К 1650 году уже насчитывалось более четырехсот, преподающих дзю-дзюцу по всей Японии. Техника стала включать в себя большое количество тычковых и рубящих ударов по уязвимым местам, этот раздел техники получил название «атэми-вадза».

На протяжении более трехсот лет дзю-дзюцу культивировалось исключительно в семейных школах самурайского происхождения. Наиболее известными из них были Арагаки-рю, Кито-рю, Косин-рю, Есин-рю, Реи синто-рю, Синсин-рю и некоторые другие. В первой половине XIX века мастер Исо Мутаэмон в Эдо основал школу Тэнсин Синъе-рю, основу техники которой составили удары по уязвимым местам тела (атэми) и приемы, позволяющие выворачивать суставы. Перед тем как основать собственную школу, Исо отправился в путешествие по различным додзэ в храмах с целью проверить свои приемы в борьбе с другими мастерами и усвоить необходимые науки.

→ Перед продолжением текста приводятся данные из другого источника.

(* Let $h:\mathbb{R}^n\to\mathbb{R}^m$ be positively homogeneous. Suppose that: (i) for every $w\in\mathbb{R}^m$ the scalar function $\langle w,h\rangle$ belongs to $\mathrm{DCH}(\mathbb{R}^n)$; (ii) $h$ satisfies condition (C) around $0$; (iii) $\flat_0(h):=\operatorname{dist}\big(0,D^{\star}h(0)(S_m)\big)>0$, where $S_m$ is the unit sphere of $\mathbb{R}^m$. Then $h$ is linearly open around $0$ and $\operatorname{lop}(h,0)\ge\flat_0(h)$.
   Context: $\mathrm{Sub}(\mathbb{R}^n)$ is the cone of sublinear (positively homogeneous and convex, real-valued) functions on $\mathbb{R}^n$, and $\mathrm{DCH}(\mathbb{R}^n)=\mathrm{Sub}(\mathbb{R}^n)-\mathrm{Sub}(\mathbb{R}^n)$. $\mathcal{C}(\mathbb{R}^n)$ is the family of nonempty convex compact subsets of $\mathbb{R}^n$. For $A,B$ convex compact or empty, the star-difference (Pontryagin difference) is $A\stackrel{*}{-}B=\{x\in\mathbb{R}^n: x+B\subseteq A\}$. A mapping $g:\mathbb{R}^n\to\mathbb{R}^m$ is scalarly quasidifferentiable at $x$ if for every $w\in\mathbb{R}^m$ the function $\langle w,g\rangle$ is directionally differentiable at $x$ in every direction $v$ and there exist $p_w,q_w\in\mathrm{Sub}(\mathbb{R}^n)$ with $\langle w,g\rangle'(x;v)=p_w(v)-q_w(v)$ for all $v\in\mathbb{R}^n$. The star-coquasiderivative of $g$ at $x$ is the set-valued map $D^{\star}g(x):\mathbb{R}^m\rightrightarrows\mathbb{R}^n$, $D^{\star}g(x)(w)=\partial p_w(0)\stackrel{*}{-}\partial q_w(0)$ (where $\partial$ is the convex subdifferential); this set does not depend on the choice of the representing pair $(p_w,q_w)$. For $A\subseteq\mathbb{R}^m$, $D^{\star}g(x)(A)=\bigcup_{w\in A}D^{\star}g(x)(w)$. A mapping $g$ scalarly quasidifferentiable on a neighbourhood $U$ of $\bar x$ satisfies condition (C) around $\bar x$ if the set-valued map $x\mapsto D^{\star}g(x)(S_m)$ is upper semicontinuous at $\bar x$: for every open $O\supseteq D^{\star}g(\bar x)(S_m)$ there is $\delta>0$ with $D^{\star}g(x)(S_m)\subseteq O$ for all $x$ with $\|x-\bar x\|\le\delta$. $\operatorname{dist}(0,\emptyset)=+\infty$. $h$ is linearly open around $\bar x$ if there exist $\alpha>0$ and neighbourhoods $U$ of $\bar x$, $V$ of $h(\bar x)$ with $B^\circ(h(x),\alpha r)\cap V\subseteq h(B^\circ(x,r))$ for all $x\in U$, $r>0$ ($B^\circ$ the open ball); $\operatorname{lop}(h,\bar x)$ is the supremum of such $\alpha$. *)

From HB Require Import structures.
From mathcomp Require Import all_boot all_order all_algebra.
From mathcomp Require Import all_classical all_reals all_analysis.
Set Implicit Arguments. Unset Strict Implicit. Unset Printing Implicit Defensive.
Import Order.TTheory GRing.Theory Num.Theory.
Import numFieldNormedType.Exports.
Local Open Scope classical_set_scope.
Local Open Scope ring_scope.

До реставрации Мэйдзи простолюдинам категорически запрещалось изучать технику дзю-дзюцу, но после 1868 года положение изменилось. Более того, в начале ХХ века несколько японских наставников открыли свои школы в Европе и Америке. Сегодня существует около пятидесяти семейных школ японского происхождения, филиалы которых разбросаны по всему миру. Крупнейшая из низ — школа Хакко-рю.

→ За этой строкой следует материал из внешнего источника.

Let wanted_pos_offset i : (t0 + wanted_pos i) %% n = (b0 + i) %% n.
Proof.
rewrite /= modnDml -(modnDr (b0 + i)); congr (_ %% _).
have := ltn_ord i; move: uN; rewrite /N_len; lia.
Qed.

Let window_mx : 'M[F]_N := \matrix_(d, c) airR F n N (window_row d) c.

Let window_mx_unit : window_mx \in unitmx.
Proof.
rewrite -row_free_unit; apply: row_free_of_free_rows window_row_inj in_window_row _.
exact: air_window_free.
Qed.

Lemma receiver_decoder : exists Dm : 'M[F]_(N, u),
  forall x, {in side D U k, forall l, x l = 0%R} -> (code x *m Dm)%R = x k.
Proof.
pose pick_wanted : 'M[F]_(N, u) := (\matrix_(d, i) (d == wanted_pos i :> nat)%:R)%R.
exists (invmx window_mx *m pick_wanted)%R => x x0.
have code_window : code x = (\row_d y_sym x (window_row d) *m window_mx)%R.
  rewrite mulmx_sum_row /code (bigID (fun s : 'I_n => W s)) /=.
  rewrite [X in (_ + X)%R]big1 ?addr0 => [|s nWs]; last by rewrite y_sym_out ?scale0r.
  rewrite big_window; apply: eq_bigr => d _; rewrite mxE; congr (_ *: _)%R.
  by apply/rowP => c; rewrite !mxE.
rewrite code_window mulmxA mulmxK //; apply/rowP => i; rewrite !mxE.
rewrite (bigD1 (wanted_pos i)) //= big1 => [|d ne]; last first.
  by rewrite !mxE (_ : (d == _ :> nat) = false) ?mulr0 //; apply/negbTE.
by rewrite !mxE eqxx mulr1 addr0 wanted_pos_offset y_sym_wanted.
Qed.

End Receiver.

Local Open Scope ring_scope.

Theorem theorem1 (F : finFieldType) (K D U : nat) :
  (U <= D)%N -> (U + D + 2 <= K)%N ->
  (forall k : 'I_K, decodable F D U k) /\
  ((u_a K D U)%:R / (N_len K D U)%:R = (U + 1)%:R / (K - D + U)%:R :> rat).
Proof.
move=> hUD hK; split; last exact: code_rate.
move=> k; have [Dm decD] := @receiver_decoder F K D U k hUD hK.
by apply: decodable_of_decoder decD; apply: self_notin_side; lia.
Qed.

Современным школам дзю-дзюцу разрешено включать в свою программу те элементы техники, которые характерны для традиций рукопашного боя той или иной страны, поэтому в арсенале дзю-дзюцу в наши дни можно встретить все известные приемы боя, соответствующие принципу «уступания», ложной податливости. В каждой школе могут преобладать либо болевые приемы, либо броски через бедро или корпус, либо тычковые или рубящие удары по болевым точкам тела противника.